Color Out of Space

Nice reality you have there. Be a shame if something bad
happened to it.
dir: Richard Stanley
2019
Color Out of Space is a title that probably doesn’t make a lot of sense. It doesn’t matter. The film itself is flat out fucking bonkers, so it’s perfectly appropriate to the title.
It’s based on a HP Lovecraft short story, with the fuller title of The Colour Out of Space, which is just as meaningless, but the importance of it is that whatever it is that is about to happen is otherworldly. As in, people will see things they should not see, which will leave them forever changed.
A witchy girl (Madeleine Arthur) conducts some kind of ceremony near a lake, and she is interrupted by a surveying hydrologist called Ward (Eliot Knight) who is, surveying something, presumably, other than the witchy girl and her witchy ways. He seems to be pretty familiar with magic ceremonies, and he wears a college t-shirt from, I’m guessing, the Miskatonic University, a common element in Lovecraft’s stuff, and plenty of other horror / fantasy stuff that’s been ripping off Lovecraft for nearly a century. He’s not really a protagonist in all of this, though he is a witness to it: cosmic weirdness is the main character. A family, one to which the witch belongs are the scenery upon which the colour, presumably from out of space, will wreak havoc.
I have pretty much avoided anything with Nicolas Cage in it for many years. As far as I know the last good performance he put in was in Adaptation. Since then I think he lost a lot of his money when some accountant / financial manager / astrologer ripped him off, so instead of being okay in a few good movies every now and then, he went to making as many terrible or pointless movies as possible in order to get some wealthiness back into his life. Again, it’s just what I heard.

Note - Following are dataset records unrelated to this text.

(* Let $S$ be an idempotent semiring. The following are equivalent: (1) $\mathcal{D}^{\bullet}$ is the least distributive lattice congruence on $S$; (2) $S$ satisfies $x+xyx+x\approx x$ and $\mathcal{D}^{+}\subseteq\mathcal{D}^{\bullet}$; (3) $S$ satisfies the identity $x\approx xyx+x+xyx$.
   Context: An idempotent semiring is an algebra $(S,+,\cdot)$ with two binary operations such that $(S,+)$ and $(S,\cdot)$ are bands (associative, with $x+x=x$ and $xx=x$), and both distributive laws $x(y+z)=xy+xz$ and $(x+y)z=xz+yz$ hold; addition is not assumed commutative. A distributive lattice congruence on $S$ is a congruence $\rho$ such that $S/\rho$ satisfies $x+y\approx y+x$, $xy\approx yx$ and $x+xy\approx x$. Green's relations on the reducts: $a\,\mathcal{D}^{\bullet}\,b$ iff $aba=a$ and $bab=b$; $a\,\mathcal{D}^{+}\,b$ iff $a+b+a=a$ and $b+a+b=b$. *)

Definition idempotent_semiring {S : Type} (add mul : S -> S -> S) : Prop :=
  (forall x y z, add x (add y z) = add (add x y) z) /\
  (forall x, add x x = x) /\
  (forall x y z, mul x (mul y z) = mul (mul x y) z) /\
  (forall x, mul x x = x) /\
  (forall x y z, mul x (add y z) = add (mul x y) (mul x z)) /\
  (forall x y z, mul (add x y) z = add (mul x z) (mul y z)).

Definition congruence {S : Type} (add mul : S -> S -> S) (rho : S -> S -> Prop) : Prop :=
  (forall x, rho x x) /\
  (forall x y, rho x y -> rho y x) /\
  (forall x y z, rho x y -> rho y z -> rho x z) /\
  (forall x y u v, rho x y -> rho u v -> rho (add x u) (add y v)) /\
  (forall x y u v, rho x y -> rho u v -> rho (mul x u) (mul y v)).

Definition dl_congruence {S : Type} (add mul : S -> S -> S) (rho : S -> S -> Prop) : Prop :=
  congruence add mul rho /\
  (forall x y, rho (add x y) (add y x)) /\
  (forall x y, rho (mul x y) (mul y x)) /\
  (forall x y, rho (add x (mul x y)) x).

Definition least_dl_congruence {S : Type} (add mul : S -> S -> S) (rho : S -> S -> Prop) : Prop :=
  dl_congruence add mul rho /\
  (forall sigma, dl_congruence add mul sigma -> forall a b, rho a b -> sigma a b).

(* Green's D relation on the multiplicative band: a D b iff aba = a and bab = b. *)
Definition Dmul {S : Type} (mul : S -> S -> S) (a b : S) : Prop :=
  mul (mul a b) a = a /\ mul (mul b a) b = b.

(* Green's D relation on the additive band: a+b+a = a and b+a+b = b. *)
Definition Dadd {S : Type} (add : S -> S -> S) (a b : S) : Prop :=
  add (add a b) a = a /\ add (add b a) b = b.

(* In a band, Green's relation D is an equivalence compatible with the product
   which identifies xy with yx, and every equivalence identifying xy with yx
   contains D.  So in an idempotent semiring D+ lies in every distributive
   lattice congruence, and D• is the least one as soon as it is one at all.
   The expansion x(y + x + y)x = xyx + x + xyx gives (3) => D+ ⊆ D•, and under
   (2) the relation x D+ (xyx + x + xyx) turns into the identity (3).  Under
   (3) every s absorbs each sandwich s y s on both sides, which makes D•
   compatible with addition.  Conversely, if D• is a congruence then
   x + xyx + x D• x, and x (x + xyx + x) x = x + xyx + x makes this an equality. *)

From Stdlib Require Import List.
Import ListNotations.

Section Band.
Variables (T : Type) (f : T -> T -> T).
Hypothesis fA : forall x y z, f x (f y z) = f (f x y) z.
Hypothesis fI : forall x, f x x = x.
Local Infix "*" := f.

(* Words over the band are evaluated in the monoid obtained by adjoining an
   identity, [None] being the value of the empty word.  [band_step] proves
   [wprod L1 = wprod L2] when [L2] arises from [L1] by replacing one factor,
   using a hypothesis or the idempotence of a word; band identities are then
   proved by exhibiting a chain of words with [via]. *)
Definition omul (p q : option T) : option T :=
  match p, q with
  | Some x, Some y => Some (x * y)
  | None, _ => q
  | _, None => p
  end.

Definition wprod (w : list T) : option T :=
  fold_left (fun p x => omul p (Some x)) w None.

Lemma omulA p q r : omul p (omul q r) = omul (omul p q) r.
Proof. destruct p, q, r; simpl; rewrite ?fA; reflexivity. Qed.

Lemma wprod_app w1 w2 : wprod (w1 ++ w2) = omul (wprod w1) (wprod w2).
Proof.
  unfold wprod; rewrite fold_left_app.
  generalize (fold_left (fun p x => omul p (Some x)) w1 None) as p.
  induction w2 as [|x w2 IH] using rev_ind; intro p.
  - destruct p; reflexivity.
  - rewrite !fold_left_app; simpl; rewrite IH, omulA; reflexivity.
Qed.

Lemma wprod_infix u v w1 w2 :
  wprod w1 = wprod w2 -> wprod (u ++ w1 ++ v) = wprod (u ++ w2 ++ v).
Proof. intro H; rewrite !wprod_app, H; reflexivity. Qed.

Lemma wprod_square w : wprod (w ++ w) = wprod w.
Proof. rewrite wprod_app; destruct (wprod w); simpl; rewrite ?fI; reflexivity. Qed.

Lemma Some_eq (x y : T) : Some x = Some y -> x = y.
Proof. congruence. Qed.

Ltac word_of_acc t acc :=
  lazymatch t with
  | f ?s ?y => word_of_acc s constr:(y :: acc)
  | _ => constr:(t :: acc)
  end.

Ltac to_words :=
  rewrite ?fA;
  lazymatch goal with
  | |- ?l = ?r =>
    let wl := word_of_acc l (@nil T) in
    let wr := word_of_acc r (@nil T) in
    apply Some_eq; change (wprod wl = wprod wr)
  end.

Ltac splits w k :=
  first [ k (@nil T) w
        | lazymatch w with
          | ?x :: ?w' => splits w' ltac:(fun p s => k constr:(x :: p) s)
          end ].

Ltac justify :=
  lazymatch goal with
  | |- wprod ?w1 = wprod ?w2 =>
    first [ apply (wprod_square w2)
          | symmetry; apply (wprod_square w1)
          | cbn [wprod fold_left omul]; f_equal; first [assumption | symmetry; assumption] ]
  end.

Ltac band_step :=
  lazymatch goal with
  | |- wprod ?L1 = wprod ?L2 =>
    splits L1 ltac:(fun u r1 =>
    splits L2 ltac:(fun u' r2 =>
    constr_eq u u';
    splits r1 ltac:(fun w1 v =>
    splits r2 ltac:(fun w2 v' =>
    constr_eq v v';
    apply (wprod_infix u v w1 w2); justify))))
  end.

Ltac via w := transitivity (wprod w); [band_step |].

Lemma Dmul_refl x : Dmul f x x.
Proof. split; rewrite !fI; reflexivity. Qed.

Lemma Dmul_sym a b : Dmul f a b -> Dmul f b a.
Proof. intros [Hab Hba]; split; assumption. Qed.

Lemma Dmul_trans a b c : Dmul f a b -> Dmul f b c -> Dmul f a c.
Proof.
  assert (half : forall a b c, a * b * a = a -> b * c * b = b -> a * c * a = a).
  { clear a b c; intros a b c Hab Hbc; to_words.
    via [a;b;a;c;a]. via [a;b;c;b;a;c;a]. via [a;b;c;a;b;c;b;a;c;a].
    via [a;b;c;a;b;a;c;a]. via [a;b;c;a;b;a;c;a;b;a]. via [a;b;c;a;b;a].
    via [a;b;c;a;b;c;b;a]. via [a;b;c;b;a]. via [a;b;a]. band_step. }
  intros [Hab Hba] [Hbc Hcb]; split; [exact (half a b c Hab Hbc) | exact (half c b a Hcb Hba)].
Qed.

Lemma Dmul_mulr a b u : Dmul f a b -> Dmul f (a * u) (b * u).
Proof.
  assert (half : forall a b, Dmul f a b -> a * u * (b * u) * (a * u) = a * u).
  { clear a b; intros a b [Hab Hba]; to_words.
    via [a;u;b;u;a;b;a;u]. via [a;u;b;u;a;b;a;u;b;a;u]. via [a;u;b;u;a;u;b;a;u].
    via [a;u;a;u;b;u;a;u;b;a;u]. via [a;u;a;u;b;a;u]. via [a;u;b;a;u].
    via [a;b;a;u;b;a;u]. via [a;b;a;u]. band_step. }
  intro Dab; split; apply half; [exact Dab | apply Dmul_sym, Dab].
Qed.

Lemma Dmul_mull a b u : Dmul f a b -> Dmul f (u * a) (u * b).
Proof.
  assert (half : forall a b, Dmul f a b -> u * a * (u * b) * (u * a) = u * a).
  { clear a b; intros a b [Hab Hba]; to_words.
    via [u;a;b;a;u;b;u;a]. via [u;a;b;u;a;b;a;u;b;u;a]. via [u;a;b;u;a;u;b;u;a].
    via [u;a;b;u;b;u;a;u;b;u;a]. via [u;a;b;u;b;u;a]. via [u;a;b;u;a].
    via [u;a;b;u;a;b;a]. via [u;a;b;a]. band_step. }
  intro Dab; split; apply half; [exact Dab | apply Dmul_sym, Dab].
Qed.

Lemma Dmul_mul a b c d : Dmul f a b -> Dmul f c d -> Dmul f (a * c) (b * d).
Proof.
  intros Dab Dcd; apply Dmul_trans with (b * c).
  - apply Dmul_mulr, Dab.
  - apply Dmul_mull, Dcd.
Qed.

Lemma Dmul_mulC x y : Dmul f (x * y) (y * x).
Proof.
  assert (half : forall x y, x * y * (y * x) * (x * y) = x * y).
  { intros a b; to_words. via [a;b;a;a;b]. via [a;b;a;b]. band_step. }
  split; apply half.
Qed.

Lemma Dmul_sub_commutative (R : T -> T -> Prop) :
  (forall x y, R x y -> R y x) -> (forall x y z, R x y -> R y z -> R x z) ->
  (forall x y, R (x * y) (y * x)) -> forall a b, Dmul f a b -> R a b.
Proof.
  intros Rsym Rtrans RC a b [Hab Hba].
  assert (Ra : R a (a * b)) by (generalize (RC (a * b) a); rewrite Hab, fA, fI; trivial).
  assert (Rb : R b (b * a)) by (generalize (RC (b * a) b); rewrite Hba, fA, fI; trivial).
  apply Rtrans with (a * b); [exact Ra |].
  apply Rtrans with (b * a); [apply RC | apply Rsym, Rb].
Qed.

Lemma sandwich_idem x y : x * (x * y * x) * x = x * y * x.
Proof. to_words. via [x;y;x;x]. band_step. Qed.

Lemma Dmul_sandwich x u : x * u * x = x -> Dmul f x (u * x * u).
Proof.
  intro Hxu; split; to_words.
  - via [x;u;x]. band_step.
  - via [u;x;u;x;u]. band_step.
Qed.

Lemma sandwich_absorb x u : x = u * x * u -> x * u = x /\ u * x = x.
Proof.
  intro Hx; split; to_words.
  - via [u;x;u;u]. via [u;x;u]. band_step.
  - via [u;u;x;u]. via [u;x;u]. band_step.
Qed.

Lemma eq_of_absorb a c r :
  a * c * r = a * c -> r * a * c = a * c -> a * r = r -> r * c = r -> r = a * c.
Proof.
  intros Hacr Hrac Har Hrc; to_words.
  via [r;r]. via [r;c;r]. via [r;c;a;r]. via [r;c;a;c;a;r]. via [r;a;c;a;r].
  via [r;a;c;r]. via [a;c;r]. band_step.
Qed.
End Band.

Section IdempotentSemiring.
Variables (S : Type) (add mul : S -> S -> S).
Hypothesis HS : idempotent_semiring add mul.
Local Infix "+" := add.
Local Infix "*" := mul.

Let aA : forall x y z, x + (y + z) = x + y + z := proj1 HS.
Let aI : forall x, x + x = x := proj1 (proj2 HS).
Let mA : forall x y z, x * (y * z) = x * y * z := proj1 (proj2 (proj2 HS)).
Let mI : forall x, x * x = x := proj1 (proj2 (proj2 (proj2 HS))).
Let dL : forall x y z, x * (y + z) = x * y + x * z := proj1 (proj2 (proj2 (proj2 (proj2 HS)))).
Let dR : forall x y z, (x + y) * z = x * z + y * z := proj2 (proj2 (proj2 (proj2 (proj2 HS)))).

Definition sandwich_identity : Prop := forall x y, x = x * y * x + x + x * y * x.
Definition sandwich_absorption : Prop := forall x y, x + x * y * x + x = x.
Definition Dadd_sub_Dmul : Prop := forall a b, Dadd add a b -> Dmul mul a b.

Lemma mul_sandwich_add x y : x * (y + x + y) * x = x * y * x + x + x * y * x.
Proof. rewrite !dL, !dR, !mI; reflexivity. Qed.

Lemma dl_congruence_Dadd sigma : dl_congruence add mul sigma ->
  forall a b, Dadd add a b -> sigma a b.
Proof.
  intros [[_ [Ssym [Strans _]]] [SC _]].
  exact (Dmul_sub_commutative _ add aA aI sigma Ssym Strans SC).
Qed.

Lemma dl_congruence_Dmul sigma : dl_congruence add mul sigma ->
  forall a b, Dmul mul a b -> sigma a b.
Proof.
  intros [[_ [Ssym [Strans _]]] [_ [SC _]]].
  exact (Dmul_sub_commutative _ mul mA mI sigma Ssym Strans SC).
Qed.

Lemma sandwich_absorption_of_dl_Dmul :
  dl_congruence add mul (Dmul mul) -> sandwich_absorption.
Proof.
  intros [[Drefl [_ [_ [Dadd_compat _]]]] [_ [_ Dabsorb]]] x y.
  assert (D : Dmul mul (x + x * (y * x) + x) (x + x))
    by (apply Dadd_compat; [apply Dabsorb | apply Drefl]).
  rewrite mA, aI in D; destruct D as [_ D].
  transitivity (x * (x + x * y * x + x) * x); [| exact D].
  rewrite !dL, !dR, !mI, (sandwich_idem _ mul mA mI); reflexivity.
Qed.

Lemma sandwich_identity_absorption : sandwich_identity -> sandwich_absorption.
Proof.
  intros H3 x y.
  destruct (sandwich_absorb _ add aA aI x (x * y * x) (H3 x y)) as [Hxu _].
  rewrite Hxu, aI; reflexivity.
Qed.

Lemma sandwich_identity_Dadd_sub_Dmul : sandwich_identity -> Dadd_sub_Dmul.
Proof.
  intros H3 a b [Hab Hba]; split.
  - rewrite <- Hba, mul_sandwich_add; symmetry; apply H3.
  - rewrite <- Hab, mul_sandwich_add; symmetry; apply H3.
Qed.

Lemma sandwich_identity_of_absorption :
  sandwich_absorption -> Dadd_sub_Dmul -> sandwich_identity.
Proof.
  intros H2 HD x y; set (u := x * y * x).
  assert (D : Dmul mul x (u + x + u)) by apply HD, (Dmul_sandwich _ add aA aI), H2.
  destruct D as [D _].
  assert (Hxux : x * u * x = u) by apply (sandwich_idem _ mul mA mI).
  rewrite mul_sandwich_add, Hxux in D; symmetry; exact D.
Qed.

Lemma Dmul_dl_congruence_conditions : dl_congruence add mul (Dmul mul) ->
  sandwich_absorption /\ Dadd_sub_Dmul.
Proof.
  intro Hdl; split.
  - exact (sandwich_absorption_of_dl_Dmul Hdl).
  - exact (dl_congruence_Dadd _ Hdl).
Qed.

Lemma sandwich_identity_iff : sandwich_absorption /\ Dadd_sub_Dmul <-> sandwich_identity.
Proof.
  split.
  - intros [H2 HD]; exact (sandwich_identity_of_absorption H2 HD).
  - intro H3; split.
    + exact (sandwich_identity_absorption H3).
    + exact (sandwich_identity_Dadd_sub_Dmul H3).
Qed.

Section SandwichIdentity.
Hypothesis H3 : sandwich_identity.

Lemma Dmul_add a b c d : Dmul mul a b -> Dmul mul c d -> Dmul mul (a + c) (b + d).
Proof.
  assert (half : forall a b c d, a * b * a = a -> c * d * c = c ->
                   (a + c) * (b + d) * (a + c) = a + c).
  { clear a b c d; intros a b c d Hab Hcd.
    (* s := a + c absorbs r := s (b + d) s on both sides by (3), while the
       expansion of r starts with aba = a and ends with cdc = c. *)
    destruct (sandwich_absorb _ add aA aI (a + c) ((a + c) * (b + d) * (a + c)) (H3 _ _))
      as [Hsr Hrs].
    apply (eq_of_absorb _ add aA aI); [exact Hsr | rewrite <- aA; exact Hrs | |];
      rewrite !dL, !dR, Hab, Hcd, !aA.
    - rewrite aI; reflexivity.
    - rewrite <- (aA _ c c), aI; reflexivity. }
  intros [Hab Hba] [Hcd Hdc]; split; apply half; assumption.
Qed.

Lemma Dmul_dl_congruence : dl_congruence add mul (Dmul mul).
Proof.
  split; [split; [|split; [|split; [|split]]] | split; [|split]].
  - exact (Dmul_refl _ mul mI).
  - exact (Dmul_sym _ mul).
  - exact (Dmul_trans _ mul mA mI).
  - exact Dmul_add.
  - exact (Dmul_mul _ mul mA mI).
  - intros x y; apply (sandwich_identity_Dadd_sub_Dmul H3), (Dmul_mulC _ add aA aI).
  - exact (Dmul_mulC _ mul mA mI).
  - intros x y; destruct (sandwich_absorb _ add aA aI x (x * y * x) (H3 x y)) as [Hx _].
    split.
    + rewrite dR, mI, Hx, dL, mI, mA, mI; reflexivity.
    + rewrite dL, mI, mA, mI, dR, mI, Hx; reflexivity.
Qed.

Lemma least_dl_congruence_Dmul : least_dl_congruence add mul (Dmul mul).
Proof. split; [exact Dmul_dl_congruence | exact dl_congruence_Dmul]. Qed.
End SandwichIdentity.
End IdempotentSemiring.

Theorem theorem3p1 (S : Type) (add mul : S -> S -> S)
  (HS : idempotent_semiring add mul) :
  (least_dl_congruence add mul (Dmul mul) <->
     ((forall x y, add (add x (mul (mul x y) x)) x = x) /\
      (forall a b, Dadd add a b -> Dmul mul a b))) /\
  (((forall x y, add (add x (mul (mul x y) x)) x = x) /\
    (forall a b, Dadd add a b -> Dmul mul a b)) <->
     (forall x y, x = add (add (mul (mul x y) x) x) (mul (mul x y) x))).
Proof.
  pose proof (sandwich_identity_iff S add mul HS) as iff23.
  split; [split |].
  - intros [Hdl _]; exact (Dmul_dl_congruence_conditions S add mul HS Hdl).
  - intro H2; exact (least_dl_congruence_Dmul S add mul HS (proj1 iff23 H2)).
  - exact iff23.
Qed.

Cage gives as awful a performance as we now expect from him, but it’s not inappropriate to the material. If anything, it makes what happens in the movie almost easier to handle. In a different kind of adaptation of this kind of story, we’d be introduced to a family that we came to care about, then they would be put under threat, and we would hope that they somehow find a way to survive.
This is not that kind of story. We are introduced to the family, their dog Sam and their alpacas, then a succession of terrible things happen to them, and then it ends, ominously implying that it will happen again to someone else. That kind of horror flick is usually hard to take.
I didn’t find it hard to take here. What happens to this family after a meteorite slams into the earth outside their house can be taken literally, can be taken figuratively, can be looked at as a commentary on environmental degradation, or people’s anxiety about clean water supply.